Created attachment 153031 [details] Application Example As far as I can see, there is no way to define a paragraph format (or character format) whose text can be used as a field command (in Word, there is the field command "StyleRef" -> inserts the text of a paragraph that uses this style). Application example: Add the last marginal note of a page to the header text (see attached file)
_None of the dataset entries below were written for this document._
(* Let $b\in\mathfrak{lie}_C$. Then $b$ is a push-invariant polynomial (i.e. $push(b)=b$) if and only if the mould $ma(b)$ is push-invariant.
   Context: $\mathfrak{lie}_C$ is the completed free Lie algebra over $\mathbb{Q}$ on $C_i=\mathrm{ad}(x)^{i-1}(y)$, $i\ge1$, inside $\mathbb{Q}\langle\langle x,y\rangle\rangle$; every element of $\mathfrak{lie}_C$ is uniquely a noncommutative series in the $C_i$. The push operator on words in $x,y$ is $push(x^{a_0}yx^{a_1}y\cdots yx^{a_r})=x^{a_r}yx^{a_0}y\cdots yx^{a_{r-1}}$, trivial on constants and powers of $x$, extended linearly. A mould is a family $A=(A^r)_{r\ge0}$ with $A^r$ a rational function in $u_1,\dots,u_r$; $ma$ sends a series $\sum k_{\underline a}C_{a_1}\cdots C_{a_r}$ (summed over all $r$) to the mould whose depth-$r$ component is $\sum k_{\underline a}u_1^{a_1-1}\cdots u_r^{a_r-1}$. A mould $A$ is push-invariant if $A(u_0,u_1,\dots,u_{r-1})=A(u_1,\dots,u_r)$ for all $r\ge1$, where $u_0=-u_1-\dots-u_r$. *)

From HB Require Import structures.
From mathcomp Require Import all_boot all_order all_algebra.
From mathcomp Require Import mpoly.
Set Implicit Arguments. Unset Strict Implicit. Unset Printing Implicit Defensive.
Import Order.TTheory GRing.Theory Num.Theory.
Local Open Scope ring_scope.

(* A letter is a bool: false = x, true = y.  A word is a seq bool.   *)
Definition word := seq bool.

(* A noncommutative polynomial is a formal finite sum of terms c * w.
   Two such sums denote the same element of Q<x,y> iff they have the
   same coefficient function [coef]; all statements use [nc_eq]. *)
Definition ncpoly := seq (rat * word).

Definition coef (p : ncpoly) (w : word) : rat :=
  \sum_(t <- p | t.2 == w) t.1.

Definition nc_eq (p q : ncpoly) : Prop := forall w, coef p w = coef q w.

Definition nc_add (p q : ncpoly) : ncpoly := p ++ q.
Definition nc_scale (c : rat) (p : ncpoly) : ncpoly :=
  [seq (c * t.1, t.2) | t <- p].
Definition nc_mul (p q : ncpoly) : ncpoly :=
  [seq (s.1 * t.1, s.2 ++ t.2) | s <- p, t <- q].
Definition nc_bracket (p q : ncpoly) : ncpoly :=
  nc_add (nc_mul p q) (nc_scale (-1) (nc_mul q p)).

Definition nc_one : ncpoly := [:: (1, [::])].
Definition nc_x : ncpoly := [:: (1, [:: false])].
Definition nc_y : ncpoly := [:: (1, [:: true])].

(* Cgen a = C_{a+1} = ad(x)^a (y). *)
Definition Cgen (a : nat) : ncpoly := iter a (nc_bracket nc_x) nc_y.

(* lie_C intersected with Q<x,y>: the Lie subalgebra (over Q) generated by
   the C_i, closed under the identification [nc_eq]. *)
Inductive in_lieC : ncpoly -> Prop :=
| lieC_gen a : in_lieC (Cgen a)
| lieC_zero : in_lieC [::]
| lieC_add p q : in_lieC p -> in_lieC q -> in_lieC (nc_add p q)
| lieC_scale c p : in_lieC p -> in_lieC (nc_scale c p)
| lieC_bracket p q : in_lieC p -> in_lieC q -> in_lieC (nc_bracket p q)
| lieC_ext p q : in_lieC p -> nc_eq p q -> in_lieC q.

(* push (x^{a0} y x^{a1} y ... y x^{ar}) = x^{ar} y x^{a0} y ... y x^{a(r-1)},
   identity on words without y.  Writing w = u ++ y :: x^t (t trailing x's),
   push w = x^t ++ y :: u. *)
Definition push_word (w : word) : word :=
  let t := find id (rev w) in
  if t == size w then w
  else nseq t false ++ true :: take (size w - t - 1) w.

Definition nc_push (p : ncpoly) : ncpoly := [seq (t.1, push_word t.2) | t <- p].

(* A noncommutative polynomial in the letters C_1, C_2, ...; the letter
   a : nat stands for C_{a+1}. *)
Definition Cpoly := seq (rat * seq nat).

Definition evalC (f : Cpoly) : ncpoly :=
  foldr nc_add [::]
    [seq nc_scale t.1 (foldr nc_mul nc_one (map Cgen t.2)) | t <- f].

(* A mould with polynomial components: depth r component in u_1..u_r,
   the variable 'X_i (i < r) standing for u_{i+1}. *)
Definition mould := forall r : nat, {mpoly rat[r]}.

(* ma: the term k * C_{a1+1} ... C_{ar+1} goes to k * u_1^{a1} ... u_r^{ar}
   in depth r. *)
Definition ma (f : Cpoly) : mould := fun r =>
  \sum_(t <- f | size t.2 == r) t.1 *: \prod_(i < r) 'X_i ^+ nth 0%N t.2 i.

(* Substitution (u_1,...,u_{r+1}) |-> (u_0, u_1, ..., u_r) in depth r+1,
   with u_0 = -u_1 - ... - u_{r+1}. *)
Definition push_subst (r : nat) : (r.+1).-tuple {mpoly rat[r.+1]} :=
  [tuple (if (j : nat) == 0%N then - \sum_(i < r.+1) 'X_i
          else 'X_(inord (j.-1))) | j < r.+1].

Definition mould_push_invariant (A : mould) : Prop :=
  forall r : nat, comp_mpoly (push_subst r) (A r.+1) = A r.+1.

(* Send a word x^a_0 y x^a_1 ... y x^a_r to the monomial z_0^a_0 ... z_r^a_r in
   r+1 commuting variables (Schneps' vimo).  On words with r letters y this is
   injective, and push becomes the cyclic shift z_j -> z_(j+1 mod r+1).  As
   C_(a+1) = ad(x)^a(y) goes to (z_i - z_(i+1))^a, the image of a polynomial f in
   the C_i is ma(f) under the injective substitution u_j = z_(j-1) - z_j.  This
   substitution sends u_0 = -(u_1 + ... + u_r) to z_r - z_0, so it conjugates the
   push substitution of moulds into the inverse cyclic shift, and push(b) = b iff
   ma(f) is push-invariant. *)

From HB Require Import structures.
From mathcomp Require Import all_boot all_order all_algebra.
From mathcomp Require Import fingroup perm mpoly zify.
Set Implicit Arguments. Unset Strict Implicit. Unset Printing Implicit Defensive.
Import GRing.Theory.
Local Open Scope ring_scope.

Section Substitutions.
Context {R : comNzRingType}.

Lemma rmorph_comp_mpoly n k l (g : {rmorphism {mpoly R[k]} -> {mpoly R[l]}}) :
  scalable g -> forall (lq : n.-tuple {mpoly R[k]}) (p : {mpoly R[n]}),
  g (p \mPo lq) = p \mPo [tuple g (tnth lq i) | i < n].
Proof.
move=> gZ lq p; rewrite (comp_mpolyEX p lq) [RHS]comp_mpolyEX raddf_sum /=.
apply: eq_bigr => m _; rewrite gZ !comp_mpolyX rmorph_prod; congr (_ *: _).
by apply: eq_bigr => i _; rewrite rmorphXn tnth_mktuple.
Qed.

Lemma comp_mpolyA n k l (lq : n.-tuple {mpoly R[k]}) (lp : k.-tuple {mpoly R[l]})
    (p : {mpoly R[n]}) :
  (p \mPo lq) \mPo lp = p \mPo [tuple tnth lq i \mPo lp | i < n].
Proof. exact/rmorph_comp_mpoly/comp_mpoly_is_linear. Qed.
(* Let $b,c\in Z^{10}$ with $\sum_i b_i=\sum_i c_i=0$, and assume $t\nmid B_i$ and $t\nmid C_i$ for all odd $i$. Let $l$ be odd such that $t\mid B_l+B_{l+2}$ and $t\nmid B_i+B_{i+2}$ for all odd $i\neq l$, and likewise $t\mid C_l+C_{l+2}$ and $t\nmid C_i+C_{i+2}$ for all odd $i\neq l$ (indices mod $10$). Then $\mathbb{M}(b)\cong\mathbb{M}(c)$ as $B_{5,10}$-modules if and only if $$t\mid (B_{l-2}+B_l)\,C_l\,B_{l+4}\,C_{l+6}-(C_{l-2}+C_l)\,B_l\,C_{l+4}\,B_{l+6}.$$
   Context: Let $Z=\mathbb{C}[[t]]$. Let $\Gamma_{10}$ be the quiver with vertices $0,1,\dots,9$ (indices taken mod $10$) on a cycle and arrows $x_i\colon i-1\to i$, $y_i\colon i\to i-1$ for $i=1,\dots,10$. Let $B_{5,10}$ be the completed path algebra of $\Gamma_{10}$ modulo the closed ideal generated by $xy=yx$ and $x^5=y^5$ at every vertex. For $b=(b_1,\dots,b_{10})\in Z^{10}$ with $\sum_i b_i=0$, the $B_{5,10}$-module $\mathbb{M}(b)$ has $V_i=Z\oplus Z$ at every vertex, and for odd $j$: $x_j=\begin{pmatrix} t& b_j\\ 0&1\end{pmatrix}$, $y_j=\begin{pmatrix} 1&-b_j\\0&t\end{pmatrix}$; for even $j$: $x_j=\begin{pmatrix}1&b_j\\0&t\end{pmatrix}$, $y_j=\begin{pmatrix}t&-b_j\\0&1\end{pmatrix}$. An isomorphism $\mathbb{M}(b)\to\mathbb{M}(c)$ is a family of invertible $Z$-linear maps $\varphi_i\colon Z^2\to Z^2$ commuting with all $x_i$ and $y_i$. For odd $i$ write $B_i=b_i+b_{i+1}$ and $C_i=c_i+c_{i+1}$ (indices mod $10$). *)

From HB Require Import structures.
From mathcomp Require Import all_boot all_algebra.
From mathcomp Require Import boolp complex Rstruct.
Lemma initial_direction k : (k < 2 * n)%nat -> exists la, 0 < la /\
  Derive ca (s k) = la * da V (k + 2 * n - 1) /\ Derive cb (s k) = la * db V (k + 2 * n - 1).
Proof.
  intros Hk. destruct k as [|k].
  - assert (Hk' : (2 * n - 1 < 2 * n)%nat) by lia.
    destruct (Hst _ Hk') as [_ Hts].
    replace (S (2 * n - 1)) with (2 * n)%nat in Hts by lia.
    assert (Hx : t (2 * n - 1)%nat <= s (2 * n)%nat <= s (S (2 * n - 1)))
      by (replace (S (2 * n - 1)) with (2 * n)%nat by lia; lra).
    destruct (Hstr _ _ Hk' Hx) as (la & Hla & E1 & E2).
    exists la. rewrite Hsm in E1, E2. simpl.
    rewrite <- (Derive_periodic ca (2 * PI)), <- (Derive_periodic cb (2 * PI));
      auto; intro; apply Hper.
  - assert (Hk' : (k < 2 * n)%nat) by lia.
    destruct (Hst _ Hk') as [_ Hts].
    destruct (Hstr k (s (S k)) Hk' ltac:(lra)) as (la & Hla & E1 & E2).
    exists la. replace (S k + 2 * n - 1)%nat with (k + 2 * n)%nat by lia.
    destruct (grid_d_periodic n V HG k) as [-> ->]. auto.
Qed.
Thank you for this idea. I have some questions: - What happens, if you open a docx-file with that field command in writer? - Use case is clear to me. But I don't understand how to do ist practically: Does it mean you have a paragraph style like "last section" and assign this paragraph style to every last section title (in your example "Section C" and "Section E")? But what happens, if you edit the text and the last section is now Section B? cc: Design Team
1) It doesn't work if I open the doc-file in Writer (see attached Word-example) 2) Yes, a paragraph style "Marginal Section" is assigned to every section-element (Title or - in my case - position frame). If the text of a section-element changes, the value in the header text changes too. If there are multiple section-elements per page, then the last one is displayed in the header text (in MS Word there's an option "Search Page from Bottom to Top", see attached Word-settings)
Created attachment 153041 [details] Word-Example (doc)
Created attachment 153042 [details] Word-Settings (Screenshot)
(In reply to canned from comment #2) > 1) It doesn't work if I open the doc-file in Writer (see attached > Word-example) > 2) Yes, a paragraph style "Marginal Section" is assigned to every > section-element (Title or - in my case - position frame). If the text of a > section-element changes, the value in the header text changes too. If there > are multiple section-elements per page, then the last one is displayed in > the header text (in MS Word there's an option "Search Page from Bottom to > Top", see attached Word-settings) Thanks for clarification. Sounds useful to me. Let's wait for other opinions. And I also don't know, if this is possible in odf-format.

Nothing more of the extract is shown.